The United States -- which captured Venezuela's former president Nicolas Maduro in a military raid on Caracas in January -- had already sent a 250-strong disaster response team.
But the prospect for rescuing more survivors has dwindled.
A Salvadoran rescue worker who declined to give his name put it this way: "At this point, they are probably dead bodies. Thanks to God maybe we can find people still alive."
Exasperation has boiled over in some locales where residents claim that authorities have not done enough to rescue earthquake victims.
"The country needs you. Put down your weapon," one man shouted to soldiers in the Tanaguarena area of hard-hit La Guaira state, urging them to pick up picks and shovels instead.
Facing public outrage at the response by local officials, Rodriguez thanked other countries for the outpouring of aid.

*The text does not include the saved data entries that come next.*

(* There exist positive integers $c_{i,k}$, for all $i\ge0$ and $i+1\le k\le 2^i$, such that for all $n\ge1$, \[ b_i(\mathcal{A}_n)=\sum_{k=i+1}^{2^i} c_{i,k}\,S(n+1,k). \] Moreover, $c_{i,k}\le \binom{2^i-1}{k-1}\frac{(k-1)!}{i!}$.
   Context: For $n\ge1$, the resonance arrangement $\mathcal{A}_n$ is the arrangement in $\mathbb{R}^n$ of the hyperplanes $H_I=\{x:\sum_{i\in I}x_i=0\}$ for all nonempty $I\subseteq[n]$. For an arrangement $\mathcal{A}$ in $\mathbb{F}^n$, its characteristic polynomial is $\chi(\mathcal{A};t)=\sum_{S\subseteq\mathcal{A}}(-1)^{|S|}t^{r(\mathcal{A})-r(S)}$ where $r(S)=\operatorname{codim}\bigcap_{H\in S}H$, and the $i$-th Betti number $b_i(\mathcal{A})$ is the absolute value of the coefficient of $t^{n-i}$ in $\chi(\mathcal{A};t)$. $S(n,k)$ denotes the Stirling number of the second kind, the number of partitions of an $n$-element set into $k$ nonempty blocks. *)

From HB Require Import structures.
From mathcomp Require Import all_boot all_order all_algebra.
From mathcomp Require Import Rstruct.
From Stdlib Require Rdefinitions.
Set Implicit Arguments. Unset Strict Implicit. Unset Printing Implicit Defensive.
Import Order.TTheory GRing.Theory Num.Theory.
Local Open Scope ring_scope.

(* Normal vector of H_I = {x : sum_{i in I} x_i = 0} in R^n, as a column. *)
Definition normal_vec (n : nat) (I : {set 'I_n}) : 'cV[Rdefinitions.R]_n :=
  \col_(j < n) (if j \in I then 1 else 0).

Definition hyperplane (n : nat) (I : {set 'I_n}) : 'M[Rdefinitions.R]_n :=
  kermx (normal_vec I).

Definition resonance_idx (n : nat) : {set {set 'I_n}} :=
  [set I : {set 'I_n} | I != set0].

(* r(S) = codim of the intersection of the hyperplanes in S (intersection of
   the empty family is the whole space R^n). *)
Definition rk (n : nat) (S : {set {set 'I_n}}) : nat :=
  subn n (\rank (\bigcap_(I in S) hyperplane I)%MS).

Definition char_poly_res (n : nat) : {poly int} :=
  \sum_(S in powerset (resonance_idx n))
     ((-1) ^+ #|S|) *: 'X^(subn (rk (resonance_idx n)) (rk S)).

Definition betti (n i : nat) : nat :=
  if (i <= n)%N then absz ((char_poly_res n)`_(subn n i)) else 0%N.

Definition stirling2 (m k : nat) : nat :=
  #|[set P : {set {set 'I_m}} | partition P [set: 'I_m] & #|P| == k]|.

From HB Require Import structures.
From mathcomp Require Import all_boot all_order all_algebra.
Import Order.TTheory GRing.Theory Num.Theory.
From mathcomp Require Import zify.
From mathcomp Require Import Rstruct.
From Stdlib Require Rdefinitions.
Set Implicit Arguments. Unset Strict Implicit. Unset Printing Implicit Defensive.
Local Open Scope ring_scope.

(* The coefficient of t^(n-i) in chi(A_n; t) is the signed count of the
   subarrangements S of rank i (the rank of S being that of the indicator
   vectors of its members).  Grouping the S according to the partition of
   [n+1] = [n] + {extra point} they induce (two points are equivalent when no
   member of S separates them, the extra point lying in no member), the fiber
   over a partition with k blocks is, by merging blocks, in size- and
   rank-preserving bijection with the families of nonempty subsets of [k-1]
   that separate the points of [k-1] and the extra point.  So its signed count
   D(k-1, i) does not depend on n.  Whitney's NBC theorem, proved below by a
   sign-reversing involution, gives D(m, i) = (-1)^i c(i, m+1) where c counts
   the NBC separating families of size i for any fixed order.  Then:
   - c(i, k) = 0 unless i+1 <= k <= 2^i (independence and separation);
   - c(i, k) i! <= (2^i-1)(2^i-2)...(2^i-k+1), by writing an ordered separating
     family column-wise as an injection of [k-1] into the nonempty subsets of [i];
   - c(i, k) > 0 in that range, by an explicit family, NBC for a well-chosen
     order, c being independent of the order. *)

Section VectorSpan.
Variables (F : fieldType) (E : finType) (n : nat) (v : E -> 'rV[F]_n).

Definition vspan (S : {set E}) : 'M[F]_n := (\sum_(e in S) <<v e>>)%MS.
Definition vrank (S : {set E}) : nat := \rank (vspan S).

Lemma vspan_subP p (A : 'M[F]_(p, n)) (S : {set E}) :
  reflect (forall e, e \in S -> (v e <= A)%MS) (vspan S <= A)%MS.
Proof.
apply: (iffP sumsmx_subP) => H e eS; first by rewrite -genmxE H.
by rewrite genmxE H.
Qed.

Lemma mem_vspan e (S : {set E}) : e \in S -> (v e <= vspan S)%MS.
Proof. by move=> eS; rewrite -genmxE (sumsmx_sup e). Qed.

Lemma vspanS (S S' : {set E}) : S \subset S' -> (vspan S <= vspan S')%MS.
Proof. by move=> /subsetP sS; apply/vspan_subP => e /sS; apply: mem_vspan. Qed.

Lemma vspan_sub_kermx p (c : 'M[F]_(n, p)) (S : {set E}) :
  (vspan S <= kermx c)%MS = [forall e in S, v e *m c == 0].
Proof.
apply/vspan_subP/forall_inP => H e eS; first by rewrite -sub_kermx H.
by rewrite sub_kermx H.
Qed.

Lemma vspan0 : vspan set0 = 0.
Proof. by rewrite /vspan big_pred0 // => e; rewrite inE. Qed.

Lemma vspan_setU1 e (S : {set E}) : (vspan (e |: S) :=: <<v e>> + vspan S)%MS.
Proof.
apply/eqmxP/andP; split.
  apply/vspan_subP => f; rewrite !inE => /orP[/eqP->|fS].
    by rewrite -genmxE addsmxSl.
  by apply: submx_trans (addsmxSr _ _); apply: mem_vspan.
by rewrite addsmx_sub genmxE mem_vspan ?setU11 //= vspanS // subsetUr.
Qed.

Lemma vspan_setU1_id e (S : {set E}) :
  (v e <= vspan S)%MS -> (vspan (e |: S) :=: vspan S)%MS.
Proof.
move=> H; apply: eqmx_trans (vspan_setU1 e S) _.
by apply/eqmxP; rewrite addsmx_sub genmxE H submx_refl addsmxSr.
Qed.

Lemma vrank_setU1_new e (S : {set E}) :
  ~~ (v e <= vspan S)%MS -> vrank (e |: S) = (vrank S).+1.
Proof.
move=> H; apply/eqP; rewrite eqn_leq; apply/andP; split.
  rewrite /vrank (vspan_setU1 e S); apply: leq_trans (mxrank_adds_leqif _ _) _.
  by rewrite mxrank_gen rank_rV addnC -[X in (_ <= X)%N]addn1 leq_add2l leq_b1.
apply: rank_ltmx; rewrite ltmxE vspanS ?subsetUr //=.
by apply: contra H => H; apply: submx_trans H; apply: mem_vspan; rewrite setU11.
Qed.

Definition toggle (S : {set E}) e := if e \in S then S :\ e else e |: S.

Lemma in_toggle (S : {set E}) e f :
  (f \in toggle S e) = if f == e then e \notin S else f \in S.
Proof.
rewrite /toggle; case: ifP => eS; rewrite !inE; case: eqP => // ->; by rewrite eS.
Qed.

Lemma toggleK e : involutive (toggle^~ e).
Proof.
move=> S; apply/setP => f; rewrite !in_toggle eqxx negbK.
by case: (f =P e) => [->|].
Qed.

Lemma sign_toggle (S : {set E}) e : (-1) ^+ #|toggle S e| = - (-1) ^+ #|S| :> int.
Proof.
rewrite /toggle; case: ifP => eS.
  by rewrite [in RHS](cardsD1 e S) eS exprS mulN1r opprK.
by rewrite cardsU1 eS exprS mulN1r.
Qed.

Lemma vspan_toggle e (S : {set E}) :
  (v e <= vspan (S :\ e))%MS -> (vspan (toggle S e) :=: vspan S)%MS.
Proof.
move=> H; rewrite /toggle; case: ifP => eS.
  by apply: eqmx_sym; rewrite -{1}(setD1K eS); apply: vspan_setU1_id.
have -> : S = S :\ e by apply/setP=> f; rewrite !inE; case: eqP => // ->; rewrite eS.
exact: vspan_setU1_id.
Qed.

End VectorSpan.

(* Whitney's NBC theorem, in the form of a sign-reversing involution. *)
Section NoBrokenCircuit.
Variables (F : fieldType) (E : finType) (n : nat) (v : E -> 'rV[F]_n).
Variables (key : E -> nat) (key_inj : injective key) (G : {set E}).

Definition above e (S : {set E}) := [set f in S | (key e < key f)%N].
Definition breaks (S : {set E}) e := (e \in G) && (v e <= vspan v (above e S))%MS.
Definition nbc (S : {set E}) := [forall e, ~~ breaks S e].

Lemma breaks_vspan (S : {set E}) e : breaks S e -> (v e <= vspan v (S :\ e))%MS.
Proof.
case/andP=> _ H; apply: submx_trans H _; apply: vspanS; apply/subsetP => f.
by rewrite !inE => /andP[fS ef]; rewrite fS andbT; apply/eqP => fe; rewrite fe ltnn in ef.
Qed.

Lemma breaks_toggle (S : {set E}) e0 e :
  breaks S e0 -> breaks (toggle S e0) e = breaks S e.
Proof.
move=> b0; rewrite /breaks; congr (_ && _).
case: (leqP (key e0) (key e)) => He.
  congr (_ <= _)%MS; congr (vspan v _); apply/setP => f; rewrite !inE in_toggle.
  by case: eqP => // ->; rewrite ltnNge He !andbF.
have -> : above e (toggle S e0) = toggle (above e S) e0.
  apply/setP => f; rewrite !inE !in_toggle !inE; case: eqP => [->|//].
  by rewrite He !andbT.
suff H : (v e0 <= vspan v (above e S :\ e0))%MS by rewrite (vspan_toggle H).
case/andP: b0 => _ H; apply: submx_trans H _; apply: vspanS; apply/subsetP => f.
rewrite !inE => /andP[fS ef]; rewrite fS (ltn_trans He ef) /= andbT.
by apply/eqP => fe; rewrite fe ltnn in ef.
Qed.

Definition first_break (S : {set E}) :=
  [pick e | breaks S e && [forall f, breaks S f ==> (key e <= key f)%N]].

Lemma first_break_toggle (S : {set E}) e0 :
  breaks S e0 -> first_break (toggle S e0) = first_break S.
Proof.
move=> b0; apply: eq_pick => e; rewrite breaks_toggle //; congr (_ && _).
by apply: eq_forallb => f; rewrite breaks_toggle.
Qed.

Lemma first_break_breaks (S : {set E}) e : first_break S = Some e -> breaks S e.
Proof. by rewrite /first_break; case: pickP => [f /andP[bf _] [<-]|]. Qed.

Lemma first_breakN (S : {set E}) : (first_break S == None) = nbc S.
Proof.
rewrite /first_break; case: pickP => [e /andP[be _]|H] /=.
  by apply/esym/negP => /forallP/(_ e); rewrite be.
apply/esym/forallP => e; apply/negP => be.
case: (@arg_minnP _ e (breaks S) key be) => f bf min.
move: (H f); rewrite bf /= => /negP; apply; apply/forall_inP => g; exact: min.
Qed.

Definition nbc_switch (S : {set E}) :=
  if first_break S is Some e then toggle S e else S.

Lemma nbc_switchK : involutive nbc_switch.
Proof.
move=> S; rewrite /nbc_switch; case E1: (first_break S) => [e|]; last by rewrite E1.
by rewrite first_break_toggle ?E1 ?toggleK //; apply: first_break_breaks.
Qed.

Lemma nbc_switch_invariants (S : {set E}) e :
  first_break S = Some e ->
  [/\ (vspan v (nbc_switch S) :=: vspan v S)%MS,
      (nbc_switch S \subset G) = (S \subset G),
      nbc (nbc_switch S) = nbc S &
      (-1) ^+ #|nbc_switch S| = - (-1) ^+ #|S| :> int].
Proof.
rewrite /nbc_switch => E1; rewrite E1; have be := first_break_breaks E1.
split; [exact: vspan_toggle (breaks_vspan be) | | | exact: sign_toggle].
  have eG : e \in G by case/andP: be.
  apply/idP/idP => /subsetP H; apply/subsetP => f fS.
    by have := H f; rewrite in_toggle; case: eqP => [->|_]; last by apply.
  by move: fS; rewrite in_toggle; case: eqP => [->|_ /H].
by apply: eq_forallb => f; rewrite breaks_toggle.
Qed.

Lemma nbc_sub (S S' : {set E}) : S' \subset S -> nbc S -> nbc S'.
Proof.
move=> sS /forallP gS; apply/forallP => e; apply: contra (gS e).
case/andP => eG H; rewrite /breaks eG; apply: submx_trans H _; apply: vspanS.
by apply/subsetP => f; rewrite !inE => /andP[/(subsetP sS) -> ->].
Qed.

Lemma nbc_vrank (S : {set E}) : S \subset G -> nbc S -> vrank v S = #|S|.
Proof.
have [k] := ubnP #|S|; elim: k S => // k IH S.
have [->|[e0 e0S]] := set_0Vmem S; first by rewrite /vrank vspan0 mxrank0 cards0.
case: (@arg_minnP _ e0 (mem S) key e0S) => e /= eS min Hk sG gS.
have above_min : above e S = S :\ e.
  apply/setP => f; rewrite !inE; apply/andP/andP => [[fS ef]|[ef fS]]; split => //.
    by apply/eqP => fe; rewrite fe ltnn in ef.
  rewrite ltn_neqAle min // andbT; apply: contra ef => /eqP kf.
  by rewrite (key_inj kf).
have new : ~~ (v e <= vspan v (S :\ e))%MS.
  by move/forallP: gS => /(_ e); rewrite /breaks (subsetP sG e eS) above_min.
rewrite -(setD1K eS) vrank_setU1_new // IH.
- by rewrite cardsU1 !inE eqxx.
- by move: Hk; rewrite (cardsD1 e S) eS.
- by apply: subset_trans sG; apply: subsetDl.
- by apply: nbc_sub gS; apply: subsetDl.
Qed.

Lemma signed_rank_sum_nbc (P : {set E} -> bool) :
  (forall (S : {set E}) e, S \subset G -> breaks S e -> P (toggle S e) = P S) ->
  forall i : nat,
  \sum_(S : {set E} | (S \subset G) && P S && (vrank v S == i)) (-1) ^+ #|S|
  = (-1) ^+ i * #|[set S : {set E} | (S \subset G) && P S && nbc S && (#|S| == i)]|%:Z
  :> int.
Proof.
move=> HP i; rewrite (bigID nbc) /=.
set Q := fun S : {set E} => (S \subset G) && P S && (vrank v S == i) && ~~ nbc S.
have Qswitch S : Q (nbc_switch S) = Q S.
  rewrite /Q; case E1: (first_break S) => [e|]; last by rewrite /nbc_switch E1.
  have [sp -> -> _] := nbc_switch_invariants E1; rewrite /vrank sp.
  case sG: (S \subset G) => //=; rewrite /nbc_switch E1 HP //.
  exact: first_break_breaks.
have -> : \sum_(S | Q S) (-1) ^+ #|S| = 0 :> int.
  set X := \sum_(S | Q S) _; suff : X = - X by lia.
  rewrite {1}/X (reindex_inj (can_inj nbc_switchK)) /= /X -sumrN.
  apply: eq_big => S; first by rewrite Qswitch.
  case E1: (first_break S) => [e|] QS; first by case: (nbc_switch_invariants E1).
  by move: QS; rewrite Qswitch /Q /= -first_breakN E1 andbF.
rewrite addr0 (eq_bigr (fun=> (-1) ^+ i)); last first.
  by move=> S /andP[/andP[/andP[sG _] /eqP <-] gS]; rewrite nbc_vrank.
rewrite (eq_bigl (fun S => S \in [set S : {set E} | (S \subset G) && P S && nbc S && (#|S| == i)])).
  by rewrite sumr_const -mulr_natr natz.
move=> S; rewrite inE; case sG: (S \subset G); case gS: (nbc S); rewrite ?andbF ?andbT //=.
by rewrite nbc_vrank.
Qed.

End NoBrokenCircuit.

(* Families of nonempty subsets of [m] that separate the points of [m]
   (together with a virtual point lying in no subset), through the 0/1
   indicator vectors of their members. *)
Section SeparatingFamilies.
Variables (F : fieldType) (m : nat).

Definition indicator (J : {set 'I_m}) : 'rV[F]_m :=
  \row_(j < m) (if j \in J then 1 else 0).
Definition nonempty_sets := [set J : {set 'I_m} | J != set0].

Definition separating (T : {set {set 'I_m}}) :=
  [forall j : 'I_m, exists J in T, j \in J] &&
  [forall j : 'I_m, forall j' : 'I_m,
     (j != j') ==> [exists J in T, (j \in J) != (j' \in J)]].

Definition coord_col (j : 'I_m) : 'cV[F]_m := delta_mx j 0.

Lemma indicator_coord (J : {set 'I_m}) j :
  (indicator J *m coord_col j == 0) = (j \notin J).
Proof.
rewrite /coord_col -colE; apply/eqP/idP => [/matrixP/(_ 0 0)|]; rewrite ?mxE.
  by case: (j \in J) => //; move/eqP; rewrite oner_eq0.
by move=> /negPf H; apply/matrixP => a b; rewrite !mxE H.
Qed.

Twenty-four nations have sent 521 tons of supplies, 86 units with dogs trained to locate people trapped beneath the rubble and more than 2,700 search-and-rescue personnel, she said.
- Economic impact -
The UN migration agency said that based on population and damage data, up to 6.76 million people could be affected, and would require shelter, water, sanitation, healthcare and essential relief items.
Venezuela's worst earthquakes in more than a century have come after the oil-rich country endured more than a decade of economic collapse.
The crisis has hollowed out hospitals and public services, driving millions to leave the country.
The United Nations estimated $6.7 billion in physical damage -- equivalent to six percent of Venezuela's GDP.
On Sunday Venezuelan opposition figure Maria Corina Machado, currently in exile, announced she will return "very soon" to her homeland.
"The time has come," she told US broadcaster Fox News.
"We need to be together, to embrace, to grieve and mourn together, but also to give each other strength at this difficult time."